§ Task statement: If a line of the records contains the word "rewrite", list it.

»»

Lemma periodic_contradiction : False.
Proof.
set P := natperm pstar p; set Q := natperm pstar q.
have [P_lt Q_lt] : P < n /\ Q < n by split; apply: natperm_lt; lia.
have ne_PQ : P != Q by apply: contra_neq p_neq_q; apply: natperm_inj; rewrite inE; lia.
have c0 : below_count 0 = 0 by rewrite /below_count !ltn0.
have cn : below_count n = 2 by rewrite /below_count -/P -/Q P_lt Q_lt.
have cm : below_count (maxn P Q) = 1.
  by rewrite /below_count -/P -/Q; case: (ltngtP P Q) ne_PQ => // h _; rewrite h ltnn.
(* Three distinct counts, but only two windows to read them from. *)
have := below_count_windows 0; have := below_count_windows n.
have := below_count_windows (maxn P Q).
lia.
Qed.

End Periodicity.

Lemma diamond_periodic n u k : upword n u -> 2 * count_mem Diamond u + 3 <= n ->
  nth Diamond u k = Diamond -> k + n < size u -> nth Diamond u (k + n) = Diamond.
Proof.
move=> up few uk hkn; case ukn: (nth Diamond u (k + n)) => [y|] //; exfalso.
have n_gt0 : 0 < n by lia.
have hk1 : k.+1 <= size u - n by lia.
have [p [q [hp hq pq ints_pq]]] := @two_common_int_positions u 0 k.+1 n.-1
  ltac:(lia) ltac:(lia) ltac:(lia).
have [pstar /covers_factorE pstar_agrees] :
    exists pstar : 'S_n, covers (factor n u k.+1) pstar.
  apply: distinct_covered; first by rewrite size_factor; lia.
  by case: up => _ _ _ uniq_u _; apply: uniq_u.
apply: (periodic_contradiction up n_gt0 uk hk1 pstar_agrees hp hq pq ints_pq).
by rewrite addSnnS prednK // ukn.
Qed.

««

§ Answer area:
have ne_PQ : P != Q by apply: contra_neq p_neq_q; apply: natperm_inj; rewrite inE; lia.
have c0 : below_count 0 = 0 by rewrite /below_count !ltn0.
have cn : below_count n = 2 by rewrite /below_count -/P -/Q P_lt Q_lt.
  by rewrite /below_count -/P -/Q; case: (ltngtP P Q) ne_PQ => // h _; rewrite h ltnn.
  apply: distinct_covered; first by rewrite size_factor; lia.
by rewrite addSnnS prednK // ukn.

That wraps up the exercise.